Хранители Братства (ЛП) - Уэстлейк Дональд
Брат Оливер вздохнул. Повернувшись ко мне, он сказал:
– Я не могу сказать тебе, что делать, брат Бенедикт.
– Не можете?
– Никто не может. Лишь твой собственный разум должен подсказать тебе.
– Мой разум ничего не может мне подсказать, – сказал я. – Не в том состоянии, в каком мы с ним находимся.

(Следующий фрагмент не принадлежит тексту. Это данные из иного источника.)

Lemma route_labels_correct :
  routing_correct n r par (heavy_port n r d par) (route_label n r d par) route_decoder.
Proof.
  intros u w Hu Hw Huw. unfold route_decoder. rewrite !decode_route_label by auto.
  split.
  - intros v Hc [k K]. destruct Hc as [Hv [Hvr Hpv]].
    destruct (port_path_descendant n r d par tree depth k w v Hw K) as [t ->].
    rewrite (port_path_par n r d par depth v Hv Hvr), Hpv, <- app_assoc.
    apply next_port_app.
  - intros Hnot.
    destruct (Nat.eq_dec (next_port (port_path n r d par u) (port_path n r d par w)) 0)
      as [|Hne]; [assumption|].
    exfalso. destruct (next_port_extends _ _ Hne) as [p [t E]].
    destruct (port_path_prefix_ancestor n r d par tree depth u w _ Hu Hw E) as [[|j] J].
    + exact (Huw (eq_sym J)).
    + apply Hnot. eauto.
Qed.

Lemma length_route_label x : x < n ->
  length (route_label n r d par x) <= d * field_width (Nat.log2_up n) + Nat.log2 n.
Proof.
  intros Hx. unfold route_label. rewrite length_encode.
  pose proof (length_port_path n r d par x).
  pose proof (port_path_log2_sum_le n r d par tree depth x Hx). nia.
Qed.

End Labels.

(** * From bit counts to the real bound *)

Lemma ln2_pos : (0 < ln 2)%R.
Proof. pose proof ln_lt_2. lra. Qed.

Lemma log2R_le x y : (0 < x)%R -> (x <= y)%R -> (log2R x <= log2R y)%R.
Proof.
  intros Hx Hxy. unfold log2R, Rdiv. apply Rmult_le_compat_r.
  - left. apply Rinv_0_lt_compat, ln2_pos.
  - destruct (Rle_lt_or_eq_dec _ _ Hxy) as [H| ->]; [left; now apply ln_increasing | lra].
Qed.

Lemma INR_log2_le k : 1 <= k -> (INR (Nat.log2 k) <= log2R (INR k))%R.
Proof.
  intros Hk. destruct (Nat.log2_spec k) as [Hlo _]; [lia|].
  apply le_INR in Hlo. rewrite pow_INR in Hlo. simpl INR in Hlo.
  replace (1 + 1)%R with 2%R in Hlo by lra.
  apply log2R_le in Hlo; [|apply pow_lt; lra].
  unfold log2R, Rdiv in *. rewrite ln_pow, Rmult_assoc, Rinv_r, Rmult_1_r in Hlo
    by (pose proof ln2_pos; lra).
  exact Hlo.
Qed.

Lemma field_width_le_loglog n : 16 <= n ->
  field_width (Nat.log2_up n) <= 2 * Nat.log2 (Nat.log2 n).
Proof.
  intros Hn. unfold field_width. set (m := Nat.log2 n).
  assert (Hm : 4 <= m) by (change 4 with (Nat.log2 16); apply Nat.log2_le_mono, Hn).
  assert (Hlog : 2 <= Nat.log2 m) by (change 2 with (Nat.log2 4); apply Nat.log2_le_mono, Hm).
  assert (Nat.log2 (Nat.log2_up n) <= S (Nat.log2 m)).
  { rewrite <- Nat.log2_double by lia. apply Nat.log2_le_mono.
    pose proof (Nat.le_log2_up_succ_log2 n). lia. }
  lia.
Qed.

Lemma label_bound_real n d len : 16 <= n ->
  len <= d * field_width (Nat.log2_up n) + Nat.log2 n ->
  (INR len <= log2R (INR n) + INR (2 * d) * log2R (log2R (INR n)))%R.
Proof.
  intros Hn Hlen. pose proof (field_width_le_loglog n Hn).
  assert (Hm : 4 <= Nat.log2 n) by (change 4 with (Nat.log2 16); apply Nat.log2_le_mono, Hn).
  assert (Hlen' : len <= 2 * d * Nat.log2 (Nat.log2 n) + Nat.log2 n) by nia.
  apply le_INR in Hlen'. rewrite plus_INR, mult_INR in Hlen'.
  pose proof (INR_log2_le n ltac:(lia)) as Hlog.
  pose proof (INR_log2_le (Nat.log2 n) ltac:(lia)) as Hloglog.
  assert (log2R (INR (Nat.log2 n)) <= log2R (log2R (INR n)))%R.
  { apply log2R_le; [apply lt_0_INR; lia | exact Hlog]. }
  assert (0 <= INR (2 * d))%R by apply pos_INR.
  assert (INR (2 * d) * INR (Nat.log2 (Nat.log2 n)) <= INR (2 * d) * log2R (log2R (INR n)))%R.
  { apply Rmult_le_compat_l; lra. }
  lra.
Qed.

Local Close Scope nat_scope.

Theorem mainTheorem6 :
  forall d : nat,
  exists (C : R) (N0 : nat) (dec : nat -> list bool -> list bool -> nat),
  forall (n r : nat) (par : nat -> nat),
    is_rooted_tree n r par -> depth_le d n r par ->
    exists (port : nat -> nat -> nat) (lab : nat -> list bool),
      valid_ports n r par port /\
      routing_correct n r par port lab dec /\
      ((N0 <= n)%nat ->
        forall u, (u < n)%nat ->
          INR (length (lab u)) <= log2R (INR n) + C * log2R (log2R (INR n))).
Proof.
  intros d. exists (INR (2 * d)), 16%nat, route_decoder.
  intros n r par tree depth. exists (heavy_port n r d par), (route_label n r d par).
  split; [apply heavy_ports_valid|]. split; [now apply route_labels_correct|].
  intros Hn u Hu. apply label_bound_real; [exact Hn|]. now apply length_route_label.
Qed.
Lemma top_moment_signN S w d :
  vanishing_moments S w d -> has (fun x => w x != 0) S ->
  ~ sign_alternation d.+2 S (fun x => - w x) ->
  (-1) ^+ d * \sum_(x <- S) w x * x ^+ d.+1 < 0.
Proof.
move=> wm nzw /(top_moment_sign (vanishing_momentsN wm)).
under eq_has do rewrite oppr_eq0; under eq_bigr do rewrite mulNr.
by rewrite sumrN mulrN oppr_gt0 => /(_ nzw).
Qed.

Lemma exists_sign_alternation S w d :
  vanishing_moments S w d -> has (fun x => w x != 0) S ->
  sign_alternation d.+2 S w \/ sign_alternation d.+2 S (fun x => - w x).
Proof.
move=> wm nzw; case: (classic (sign_alternation d.+2 S w)) => [|noalt]; first by left.
case: (classic (sign_alternation d.+2 S (fun x => - w x))) => [|noaltN]; first by right.
have := top_moment_sign wm nzw noalt.
by rewrite ltNge ltW // (top_moment_signN wm nzw noaltN).
Qed.

Lemma vanishing_moments_eq0 S w d : (size S <= d.+1)%N ->
  vanishing_moments S w d -> forall x, x \in S -> w x = 0.
Proof.
move=> szS wm x xS; apply/eqP/negPn/negP => wx.
have nzw : has (fun x => w x != 0) S by apply/hasP; exists x.
by case: (exists_sign_alternation wm nzw) => /sign_alternation_size/leq_trans/(_ szS);
  rewrite ltnn.
Qed.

– Но как кто-то другой может решить: утратил ты свое призвание или нет? Эта женщина испытывает твою преданность Богу и той жизни, что ты вел до сих пор. Ответ должен прийти изнутри.
– Во мне нет ничего, кроме мешанины из мыслей, – сказал я.
– Брат Бенедикт, – произнес аббат, – ты не связан обетами, как священник. Это дает тебе больше свободы, но накладывает и больше ответственности. Ты должен сам принимать решения.
– Я давал обет послушания, – напомнил я.
– Но это единственный твой обет, – ответил брат Оливер. – Ты не давал обетов целомудрия [46] или бедности. Ты поклялся лишь оставаться послушным законам Божьим и нашего Ордена, а также аббату.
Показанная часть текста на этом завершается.